Download or read book Husbands, Wives, and Concubines written by Emlyn Eisenach and published by Penn State Press. This book was released on 2004-05-25 with total page 266 pages. Available in PDF, EPUB and Kindle. Book excerpt: Emlyn Eisenach uses a wide range of sources, including the richly detailed and previously unexplored records of nearly two hundred marriage-related disputes from the bishop’s court of Verona, to illuminate family and social relations in early modern northern Italy. Arguing against the common emphasis on the growth of law and government in this period, her study emphasizes the fluidity of the principles that governed marriage and its dissolution, and deepens our understanding of the patriarchal family and its complex relationship with gender and status during the sixteenth century. Peopled by characters from across the social spectrum of the city of Verona and its contado, Eisenach’s study moves between stories about specific individuals—serving girls seeking honorable marriage through the unlikely route of concubinage, peasant men in search of independence from their fathers, and aristocratic wives seeking revenge against adulterous husbands—and broader analyses of social, economic, and geographical patterns of behavior.

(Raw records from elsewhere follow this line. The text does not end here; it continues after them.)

(* Let $k\ge1$ be an integer and $\alpha>k$ real. Then $$\sum_{n=1}^\infty\frac{H_{n+\alpha}}{n\binom{n+k}{k}}=\sum_{j=1}^k(-1)^{j+1}\binom kj\Bigg\{H_\alpha^2+H_\alpha^{(2)}-H_{\alpha-j}^2-H_{\alpha-j}^{(2)}-(j-\alpha)\sum_{i=1}^j\frac{H_{\alpha+i-j}}{i(\alpha+i-j)}\Bigg\},$$ $$\sum_{n=1}^\infty\frac{H^{(2)}_{n+\alpha}}{n\binom{n+k}{k}}=\sum_{j=1}^k(-1)^{j+1}\binom kj\Bigg\{2H_\alpha^{(3)}+H_{\alpha-j}\zeta(2)+2H_\alpha H_\alpha^{(2)}-2H_{\alpha-j}^{(3)}-H_\alpha\zeta(2)-2H_{\alpha-j}H_{\alpha-j}^{(2)}-(j-\alpha)\sum_{i=1}^j\frac{H^{(2)}_{\alpha+i-j}}{i(\alpha+i-j)}-\sum_{i=1}^j\frac{H_{\alpha+i-j}}{(\alpha+i-j)^2}\Bigg\},$$ $$\sum_{n=1}^\infty\frac{H^2_{n+\alpha}}{n\binom{n+k}{k}}=\sum_{j=1}^k(-1)^{j+1}\binom kj\Bigg\{H_\alpha^3+H_\alpha H_\alpha^{(2)}+H_\alpha\zeta(2)-H_{\alpha-j}^3-H_{\alpha-j}H_{\alpha-j}^{(2)}-H_{\alpha-j}\zeta(2)+\sum_{i=1}^j\frac{H_{\alpha+i-j}}{(\alpha+i-j)^2}-(j-\alpha)\sum_{i=1}^j\frac{H^2_{\alpha+i-j}}{i(\alpha+i-j)}\Bigg\}.$$
   Context: Shifted harmonic numbers: for a real $\alpha$ that is not a negative integer, $H_\alpha := \sum_{k=1}^\infty\left(\frac1k-\frac1{k+\alpha}\right)$ and, for integers $m\ge 2$, $H_\alpha^{(m)} := \sum_{k=1}^\infty\left(\frac1{k^m}-\frac1{(k+\alpha)^m}\right)=\zeta(m)-\zeta(m,\alpha+1)$, where $\zeta$ is the Riemann zeta function and $\zeta(s,\alpha+1)=\sum_{n=1}^\infty (n+\alpha)^{-s}$ is the Hurwitz zeta function. Powers such as $H_\alpha^2$ mean $(H_\alpha)^2$. *)

From Stdlib Require Import Reals Lra Lia ClassicalEpsilon.
Open Scope R_scope.

(* The limit of a real sequence (chosen classically; meaningful when it converges). *)
Definition lim_seq (u : nat -> R) : R :=
  epsilon (inhabits 0) (fun l => Un_cv u l).

Fixpoint sum1 (k : nat) (f : nat -> R) : R :=
  match k with
  | O => 0
  | S k' => sum1 k' f + f (S k')
  end.

Definition Hm (m : nat) (a : R) : R :=
  lim_seq (fun N => sum1 N (fun k => / (INR k) ^ m - / (INR k + a) ^ m)).

Definition H (a : R) : R := Hm 1 a.

Definition zeta (m : nat) : R := lim_seq (fun N => sum1 N (fun k => / (INR k) ^ m)).
(* Let $0<b<c$ and $x_1,\dots,x_T\in\mathbb{R}^d$. Define $D_0=\frac{bc}{c-b}I$ and $D_t=\big(D_{t-1}^{-1}+c^{-1}I\big)^{-1}+x_tx_t^\top$ for $t\ge1$. Then \[ \sum_{t=1}^T x_t^\top D_t^{-1}x_t\le \ln\Big|\tfrac1b D_T\Big|+c^{-1}\sum_{t=1}^T\mathrm{Tr}(D_{t-1}), \] where $|\cdot|$ denotes the determinant. *)

From mathcomp Require Import all_boot all_order all_algebra.
From mathcomp Require Import all_classical all_reals all_analysis.
Set Implicit Arguments. Unset Strict Implicit. Unset Printing Implicit Defensive.
Import Order.TTheory GRing.Theory Num.Theory.
Local Open Scope ring_scope.

Fixpoint Dmat (R : realType) (d : nat) (b c : R) (x : nat -> 'cV[R]_d) (t : nat)
  : 'M[R]_d :=
  match t with
  | 0 => (b * c / (c - b))%:M
  | t'.+1 => invmx (invmx (Dmat b c x t') + c^-1%:M) + x t'.+1 *m (x t'.+1)^T
  end.

From mathcomp Require Import all_boot all_order all_algebra.
From mathcomp Require Import all_classical all_reals all_analysis.
From mathcomp.algebra_tactics Require Import ring lra.
Import Order.TTheory GRing.Theory Num.Theory.
Local Open Scope ring_scope.
Set Implicit Arguments. Unset Strict Implicit. Unset Printing Implicit Defensive.

(* Write A_t = (D_{t-1}^-1 + c^-1 I)^-1, so that D_t = A_t + x_t x_t^T, and
   q = x_t^T A_t^-1 x_t >= 0.  Sherman-Morrison and the matrix determinant lemma give
     x_t^T D_t^-1 x_t = q / (1 + q) <= ln (1 + q) = ln |D_t| - ln |A_t|,
   while ln |D_{t-1}| - ln |A_t| = ln |I + c^-1 D_{t-1}| <= c^-1 Tr D_{t-1} by
   Hadamard's inequality and 1 + u <= e^u.  Summing telescopes, and |D_0| >= b^d
   because b c / (c - b) >= b. *)

Section RankOneUpdate.
Variable R : comUnitRingType.

Lemma mx11_mulmxE (A B : 'M[R]_1) : (A *m B) 0 0 = A 0 0 * B 0 0.
Proof. by rewrite mxE big_ord1. Qed.

(* Sylvester's identity det (1 + u y) = det (1 + y u), read off two block
   factorisations of [[1, -y], [u, 1]]. *)
Lemma det_1D_rank1 n (u : 'cV[R]_n) (y : 'rV[R]_n) :
  \det (1%:M + u *m y) = 1 + (y *m u) 0 0.
Proof.
pose M : 'M[R]_(1 + n) := block_mx 1%:M (- y) u 1%:M.
have lowM : block_mx 1%:M 0 (- u) 1%:M *m M = block_mx 1%:M (- y) 0 (1%:M + u *m y).
  rewrite /M mulmx_block !(mul1mx, mul0mx, mulmx1, addr0, add0r) mulNmx mulmxN opprK.
  by rewrite addNr addrC.
have upM : block_mx 1%:M y 0 1%:M *m M = block_mx (1%:M + y *m u) 0 u 1%:M.
  by rewrite /M mulmx_block !(mul1mx, mul0mx, mulmx1, addr0, add0r) addNr.
have := congr1 determinant lowM; rewrite det_mulmx det_lblock det_ublock !det1 !mul1r.
move=> <-; have := congr1 determinant upM.
by rewrite det_mulmx det_ublock det_lblock !det1 !mul1r mulr1 det_mx11 !mxE => ->.
Qed.

Lemma det_add_rank1 n (A : 'M[R]_n) (u : 'cV[R]_n) (y : 'rV[R]_n) :
  A \in unitmx -> \det (A + u *m y) = \det A * (1 + (y *m invmx A *m u) 0 0).
Proof.
move=> uA; have -> : A + u *m y = A *m (1%:M + invmx A *m u *m y).
  by rewrite mulmxDr mulmx1 !mulmxA mulmxV // mul1mx.
by rewrite det_mulmx det_1D_rank1 mulmxA.
Qed.

Definition schur n1 n2 (M : 'M[R]_(n1 + n2)) :=
  drsubmx M - dlsubmx M *m invmx (ulsubmx M) *m ursubmx M.

Lemma schur_elim n1 n2 (M : 'M[R]_(n1 + n2)) : ulsubmx M \in unitmx ->
  block_mx 1%:M 0 (- (dlsubmx M *m invmx (ulsubmx M))) 1%:M *m M
  = block_mx (ulsubmx M) (ursubmx M) 0 (schur M).
Proof.
move=> uA; rewrite -[X in _ *m X = _](submxK M) mulmx_block !(mul1mx, mul0mx, addr0) mulNmx.
by rewrite mulmxKV // addNr mulNmx addrC.
Qed.

Lemma det_schur n1 n2 (M : 'M[R]_(n1 + n2)) : ulsubmx M \in unitmx ->
  \det M = \det (ulsubmx M) * \det (schur M).
Proof.
move=> uA; have := congr1 determinant (schur_elim uA).
by rewrite det_mulmx det_lblock !det1 mulr1 mul1r det_ublock.
Qed.

End RankOneUpdate.

Lemma sherman_morrison_quad (F : fieldType) n (A : 'M[F]_n) (x : 'cV[F]_n) :
  A \in unitmx -> 1 + (x^T *m invmx A *m x) 0 0 != 0 ->
  (x^T *m invmx (A + x *m x^T) *m x) 0 0
  = (x^T *m invmx A *m x) 0 0 / (1 + (x^T *m invmx A *m x) 0 0).
Proof.
set q := (x^T *m invmx A *m x) 0 0 => uA q1.
have uN : A + x *m x^T \in unitmx by rewrite unitmxE det_add_rank1 // unitfE mulf_neq0 // -unitfE.
have NAx : (A + x *m x^T) *m (invmx A *m x) = (1 + q) *: x.
  rewrite mulmxDl mulKVmx // -!mulmxA (mulmxA x^T) [x^T *m _ *m _]mx11_scalar.
  by rewrite mul_mx_scalar scalerDl scale1r.
have Nx : invmx (A + x *m x^T) *m x = (1 + q)^-1 *: (invmx A *m x).
  by rewrite -[invmx A *m x](mulKmx uN) NAx -scalemxAr scalerA mulVf ?scale1r.
by rewrite -mulmxA Nx -scalemxAr mxE mulrC mulmxA.
Qed.

Section PositiveDefinite.
Variable R : realFieldType.

Definition posdef n (A : 'M[R]_n) :=
  A^T = A /\ forall u : 'cV[R]_n, u != 0 -> 0 < (u^T *m A *m u) 0 0.

Lemma posdef_quad_ge0 n (A : 'M[R]_n) (u : 'cV[R]_n) :
  posdef A -> 0 <= (u^T *m A *m u) 0 0.
Proof.
case=> _ pA; have [->|/pA /ltW //] := eqVneq u 0.
by rewrite trmx0 !mul0mx mxE.
Qed.

Lemma trmx_mul_self_gt0 n (u : 'cV[R]_n) : u != 0 -> 0 < (u^T *m u) 0 0.
Proof.
move=> u0; have sq_ge0 (i : 'I_n) : true -> 0 <= u^T 0 i * u i 0.
  by move=> _; rewrite mxE -expr2 sqr_ge0.
rewrite mxE lt_def sumr_ge0 ?andbT //; apply: contra u0 => /eqP/(psumr_eq0P sq_ge0) u_eq0.
apply/eqP/matrixP=> i j; rewrite ord1 mxE.
by have /eqP := u_eq0 i isT; rewrite mxE -expr2 sqrf_eq0 => /eqP.
Qed.

Lemma posdef_scalar n (a : R) : 0 < a -> posdef (a%:M : 'M[R]_n).
Proof.
move=> a0; split=> [|u u0]; first exact: tr_scalar_mx.
by rewrite mul_mx_scalar -scalemxAl mxE mulr_gt0 // trmx_mul_self_gt0.
Qed.

Lemma posdefD n (A B : 'M[R]_n) : posdef A -> posdef B -> posdef (A + B).
Proof.
move=> [sA pA] [sB pB]; split=> [|u u0]; first by rewrite raddfD /= sA sB.
by rewrite mulmxDr mulmxDl mxE addr_gt0 ?pA ?pB.
Qed.

Lemma posdefZ n a (A : 'M[R]_n) : 0 < a -> posdef A -> posdef (a *: A).
Proof.
move=> a0 [sA pA]; split=> [|u u0]; first by rewrite linearZ /= sA.
by rewrite -scalemxAr -scalemxAl mxE mulr_gt0 ?pA.
Qed.

Lemma posdefD_rank1 n (A : 'M[R]_n) (x : 'cV[R]_n) :
  posdef A -> posdef (A + x *m x^T).
Proof.
move=> [sA pA]; split=> [|u u0]; first by rewrite raddfD /= sA trmx_mul trmxK.
rewrite mulmxDr mulmxDl mxE ltr_wpDr ?pA // mulmxA -(mulmxA (u^T *m x)).
rewrite mx11_mulmxE -[x^T *m u]trmxK trmx_mul trmxK [X in _ * X]mxE -expr2.
exact: sqr_ge0.
Qed.

Lemma posdef_unit n (A : 'M[R]_n) : posdef A -> A \in unitmx.
Proof.
move=> [_ pA]; rewrite unitmxE unitfE; apply/negP=> /det0P[v v0 vA].
by have := pA v^T; rewrite trmx_eq0 trmxK vA mul0mx mxE ltxx => /(_ v0).
Qed.

Lemma posdef_inv n (A : 'M[R]_n) : posdef A -> posdef (invmx A).
Proof.
move=> pdA; have uA := posdef_unit pdA; case: pdA => sA pA.
split=> [|u u0]; first by rewrite trmx_inv sA.
set w := invmx A *m u; have -> : u = A *m w by rewrite /w mulKVmx.
have w0 : w != 0 by apply: contra u0 => /eqP w0; rewrite -[u](mulKVmx uA) -/w w0 mulmx0.
by rewrite trmx_mul sA -!mulmxA mulKmx // mulmxA pA.
Qed.

Lemma posdef_diag_gt0 n (A : 'M[R]_n) i : posdef A -> 0 < A i i.
Proof.
move=> [_ pA]; have := pA (delta_mx i 0); rewrite trmx_delta -rowE -colE !mxE; apply.
by apply: contraTneq isT => /matrixP/(_ i 0); rewrite !mxE !eqxx /= => /eqP; rewrite oner_eq0.
Qed.

Lemma posdef_congr n (P L : 'M[R]_n) :
  posdef P -> L \in unitmx -> posdef (L *m P *m L^T).
Proof.
move=> [sP pP] uL; split=> [|u u0]; first by rewrite !trmx_mul trmxK sP mulmxA.
have := pP (L^T *m u); rewrite trmx_mul trmxK !mulmxA; apply.
by apply: contra u0 => /eqP Lu0; rewrite -[u](mulKmx (_ : L^T \in unitmx)) ?Lu0 ?mulmx0 ?unitmx_tr.
Qed.

Section Blocks.
Variables (n1 n2 : nat) (M : 'M[R]_(n1 + n2)).
Hypothesis pM : posdef M.

Lemma trmx_dlsubmx : (dlsubmx M)^T = ursubmx M.
Proof. by rewrite trmx_dlsub pM.1. Qed.

Lemma posdef_ulsubmx : posdef (ulsubmx M).
Proof.
case: pM => sM pMu; split=> [|w w0]; first by rewrite trmx_ulsub sM.
have := pMu (col_mx w 0); rewrite -{1}(submxK M) tr_col_mx trmx0 mul_row_block.
by rewrite mul_row_col !(mul0mx, mulmx0, addr0); apply; rewrite col_mx_eq0 negb_and w0.
Qed.

Lemma posdef_drsubmx : posdef (drsubmx M).
Proof.
case: pM => sM pMu; split=> [|w w0]; first by rewrite trmx_drsub sM.
have := pMu (col_mx 0 w); rewrite -{1}(submxK M) tr_col_mx trmx0 mul_row_block.
by rewrite mul_row_col !(mul0mx, mulmx0, add0r); apply; rewrite col_mx_eq0 negb_and w0 orbT.
Qed.

End Blocks.

(* Congruence by the elimination matrix block-diagonalises M into diag(ulsubmx M, schur M). *)
Lemma posdef_schur n1 n2 (M : 'M[R]_(n1 + n2)) : posdef M -> posdef (schur M).
Proof.
move=> pM; have uA := posdef_unit (posdef_ulsubmx pM).
pose L : 'M[R]_(n1 + n2) := block_mx 1%:M 0 (- (dlsubmx M *m invmx (ulsubmx M))) 1%:M.
have uL : L \in unitmx by rewrite unitmxE det_lblock !det1 mulr1 unitr1.
have LML : L *m M *m L^T = block_mx (ulsubmx M) 0 0 (schur M).
  rewrite schur_elim // tr_block_mx !trmx1 trmx0 raddfN /= trmx_mul trmx_inv.
  rewrite trmx_ulsub pM.1 (trmx_dlsubmx pM) mulmx_block.
  by rewrite !(mulmx1, mulmx0, mul0mx, addr0, add0r) mulmxN mulKVmx // addNr.
by have := posdef_drsubmx (posdef_congr pM uL); rewrite LML block_mxKdr.
Qed.

Lemma posdef_det_gt0 n (P : 'M[R]_n) : posdef P -> 0 < \det P.
Proof.
elim: n P => [|n IH] P pP; first by rewrite det_mx00.
have pP' : posdef (P : 'M[R]_(1 + n)) by [].
rewrite (det_schur (posdef_unit (posdef_ulsubmx pP'))) det_mx11.
by apply: mulr_gt0; [exact: posdef_diag_gt0 (posdef_ulsubmx pP') | exact/IH/posdef_schur].
Qed.

Lemma det_schur_le n (P : 'M[R]_(1 + n)) :
  posdef P -> \det (schur P) <= \det (drsubmx P).
Proof.
move=> pP; have pA := posdef_ulsubmx pP; have pD := posdef_drsubmx pP.
rewrite /schur -mulNmx det_add_rank1 ?posdef_unit // ler_piMr ?(ltW (posdef_det_gt0 pD)) //.
rewrite mulmxN mulmxA mxE mx11_mulmxE gerDl oppr_le0 mulr_ge0 //.
  by rewrite -(trmx_dlsubmx pP); apply/posdef_quad_ge0/posdef_inv.
by apply/ltW/(posdef_diag_gt0 0 (posdef_inv pA)).
Qed.

Lemma hadamard n (P : 'M[R]_n) : posdef P -> \det P <= \prod_i P i i.
Proof.
elim: n P => [|n IH] P pP; first by rewrite det_mx00 big_ord0.
have pP' : posdef (P : 'M[R]_(1 + n)) by [].
rewrite (det_schur (posdef_unit (posdef_ulsubmx pP'))) det_mx11 big_ord_recl.
have -> : P ord0 ord0 = ulsubmx (P : 'M[R]_(1 + n)) 0 0 by rewrite !mxE; congr (P _ _); apply: val_inj.
rewrite ler_wpM2l ?(ltW (posdef_diag_gt0 0 (posdef_ulsubmx pP'))) //.
apply: (le_trans (det_schur_le pP')); apply: le_trans (IH _ (posdef_drsubmx pP')) _.
by rewrite le_eqVlt; apply/orP; left; apply/eqP/eq_bigr=> i _; rewrite !mxE; congr (P _ _); apply: val_inj.
Qed.

End PositiveDefinite.

Section LogDet.
Variable R : realType.

Lemma div1D_le_ln1D (q : R) : -1 < q -> q / (1 + q) <= ln (1 + q).
Proof.
move=> q1; have q1_gt0 : 0 < 1 + q by lra.
have h : -1 < - (q / (1 + q)) by rewrite ltrN2 ltr_pdivrMr // mul1r; lra.
have := le_ln1Dx h; have -> : 1 - q / (1 + q) = (1 + q)^-1 by field; lra.
by rewrite lnV ?posrE //; lra.
Qed.

(* Hadamard's inequality followed by 1 + t <= e^t on each diagonal entry. *)
Lemma ln_det_1DZ_le n (a : R) (D : 'M[R]_n) : 0 < a -> posdef D ->
  ln (\det (1%:M + a *: D)) <= a * \tr D.
Proof.
move=> a0 pD; have pE : posdef (1%:M + a *: D).
  by apply: posdefD; [exact: posdef_scalar | exact: posdefZ].
rewrite -[_ * \tr D]expRK ler_ln ?posrE ?expR_gt0 ?posdef_det_gt0 //.
apply: (le_trans (hadamard pE)); rewrite /mxtrace mulr_sumr expR_sum.
apply: ler_prod => i _; rewrite !mxE eqxx mulr1n expR_ge1Dx andbT.
by rewrite addr_ge0 ?mulr_ge0 ?(ltW a0) ?(ltW (posdef_diag_gt0 i pD)).
Qed.

Lemma ln_det_add_rank1 n (A : 'M[R]_n) (x : 'cV[R]_n) : posdef A ->
  (x^T *m invmx (A + x *m x^T) *m x) 0 0 <= ln (\det (A + x *m x^T)) - ln (\det A).
Proof.
move=> pA; have uA := posdef_unit pA.
have q0 : 0 <= (x^T *m invmx A *m x) 0 0 by apply/posdef_quad_ge0/posdef_inv.
rewrite sherman_morrison_quad ?lt0r_neq0 ?ltr_wpDr //.
rewrite -{1}[x]trmxK det_add_rank1 // trmxK lnM ?posrE ?posdef_det_gt0 ?ltr_wpDr //.
by rewrite addrAC subrr add0r div1D_le_ln1D // (lt_le_trans _ q0) // ltrN10.
Qed.

Definition forget (c : R) n (D : 'M[R]_n) := invmx (invmx D + c^-1%:M).

Lemma posdef_forget c n (D : 'M[R]_n) : 0 < c -> posdef D -> posdef (forget c D).
Proof.
move=> c0 pD; apply/posdef_inv/posdefD; first exact: posdef_inv.
by apply: posdef_scalar; rewrite invr_gt0.
Qed.

Lemma ln_det_forget_le c n (D : 'M[R]_n) : 0 < c -> posdef D ->
  ln (\det D) - ln (\det (forget c D)) <= c^-1 * \tr D.
Proof.
move=> c0 pD; have pB : posdef (invmx D + c^-1%:M).
  by apply: posdefD; [exact: posdef_inv | apply: posdef_scalar; rewrite invr_gt0].
rewrite /forget det_inv lnV ?posrE ?posdef_det_gt0 // opprK addrC -lnM ?posrE ?posdef_det_gt0 //.
rewrite -det_mulmx mulmxDl mulVmx ?posdef_unit // mul_scalar_mx.
by rewrite ln_det_1DZ_le ?invr_gt0.
Qed.

End LogDet.

Lemma ln_detZ (R : realType) n (a : R) (A : 'M[R]_n) : 0 < a -> 0 < \det A ->
  ln (\det (a *: A)) = ln a *+ n + ln (\det A).
Proof. by move=> a0 dA; rewrite detZ lnM ?posrE ?exprn_gt0 // lnXn. Qed.

Section ForgettingRecursion.
Variables (R : realType) (d : nat) (b c : R) (x : nat -> 'cV[R]_d).
Hypotheses (hb : 0 < b) (hbc : b < c).

Let c_gt0 : 0 < c. Proof. exact: lt_trans hbc. Qed.

Let Dmat0_scalar_ge : b <= b * c / (c - b).
Proof.
rewrite ler_pdivlMr ?subr_gt0 //; have : 0 < b * b by exact: mulr_gt0.
lra.
Qed.

Let Dmat0_scalar_gt0 : 0 < b * c / (c - b).
Proof. exact: lt_le_trans Dmat0_scalar_ge. Qed.

Lemma posdef_Dmat t : posdef (Dmat b c x t).
Proof.
elim: t => [|t IH] /=; last exact/posdefD_rank1/posdef_forget.
exact: posdef_scalar.
Qed.

Lemma quad_Dmat_le t :
  ((x t.+1)^T *m invmx (Dmat b c x t.+1) *m x t.+1) 0 0
  <= ln (\det (Dmat b c x t.+1)) - ln (\det (Dmat b c x t)) + c^-1 * \tr (Dmat b c x t).
Proof.
have := ln_det_add_rank1 (x t.+1) (posdef_forget c_gt0 (posdef_Dmat t)).
have := ln_det_forget_le c_gt0 (posdef_Dmat t).
rewrite /forget /=; lra.
Qed.

Lemma sum_quad_Dmat_le T :
  \sum_(1 <= t < T.+1) ((x t)^T *m invmx (Dmat b c x t) *m x t) 0 0
  <= ln (\det (Dmat b c x T)) - ln (\det (Dmat b c x 0))
     + c^-1 * \sum_(1 <= t < T.+1) \tr (Dmat b c x t.-1).
Proof.
elim: T => [|T IH]; first by rewrite !big_geq // mulr0 addr0 subrr.
rewrite !(big_nat_recr T.+1 1) //=; have := quad_Dmat_le T.
by rewrite mulrDr; lra.
Qed.

Lemma ln_det_Dmat0_ge : ln b *+ d <= ln (\det (Dmat b c x 0)).
Proof.
by rewrite /= det_scalar lnXn // lerMn2r ler_ln ?posrE ?Dmat0_scalar_ge ?orbT.
Qed.

End ForgettingRecursion.

Unset Implicit Arguments.

Theorem lemma5 (R : realType) (d T : nat) (b c : R) (x : nat -> 'cV[R]_d)
  (hb : 0 < b) (hbc : b < c) :
  \sum_(1 <= t < T.+1) ((x t)^T *m invmx (Dmat b c x t) *m x t) 0 0
  <= ln (\det (b^-1 *: Dmat b c x T))
     + c^-1 * \sum_(1 <= t < T.+1) \tr (Dmat b c x t.-1).
Proof.
apply: le_trans (sum_quad_Dmat_le x hb hbc T) _.
rewrite ln_detZ ?invr_gt0 //; last exact/posdef_det_gt0/posdef_Dmat.
rewrite lnV ?posrE // mulNrn.
have := ln_det_Dmat0_ge x hb hbc; lra.
Qed.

She shows how the Veronese at all social levels attempted to better their familial and personal fortunes by creatively molding wedding rituals to fit their particular circumstances, or engaging in the significant but until now little understood practices of concubinage, clandestine marriage, or informal marriage dissolution. Eisenach also evaluates the first half-century of religious reforms in Verona as the leading pre-Tridentine bishop Gian Matteo Giberti and his successors challenged common practices and understandings in sermons, treatises, confessionals, and court. Emphasizing the limitations of what the religious authorities could impose on the people, she explores how learned and popular notions of marriage, family, and gender shaped each other as they were put into action in the strategies of individual Veronese.

The Sacred Home in Renaissance Italy

Download The Sacred Home in Renaissance Italy PDF Online Free

Author :
Publisher : Oxford University Press
ISBN 13 : 0192548476
Total Pages : 336 pages
Book Rating : 4.1/5 (925 download)

DOWNLOAD NOW!


Book Synopsis The Sacred Home in Renaissance Italy by : Abigail Brundin

Download or read book The Sacred Home in Renaissance Italy written by Abigail Brundin and published by Oxford University Press. This book was released on 2018-07-12 with total page 336 pages. Available in PDF, EPUB and Kindle. Book excerpt: The Sacred Home in Renaissance Italy explores the rich devotional life of the Italian household between 1450 and 1600. Rejecting the enduring stereotype of the Renaissance as a secular age, this interdisciplinary study reveals the home to have been an important site of spiritual revitalization. Books, buildings, objects, spaces, images, and archival sources are scrutinized to cast new light on the many ways in which religion infused daily life within the household. Acts of devotion, from routine prayers to extraordinary religious experiences such as miracles and visions, frequently took place at home amid the joys and trials of domestic life — from childbirth and marriage to sickness and death. Breaking free from the usual focus on Venice, Florence, and Rome, The Sacred Home investigates practices of piety across the Italian peninsula, with particular attention paid to the city of Naples, the Marche, and the Venetian mainland. It also looks beyond the elite to consider artisanal and lower-status households, and reveals gender and age as factors that powerfully conditioned religious experience. Recovering a host of lost voices and compelling narratives at the intersection between the divine and the everyday, The Sacred Home offers unprecedented glimpses through the keyhole into the spiritual lives of Renaissance Italians.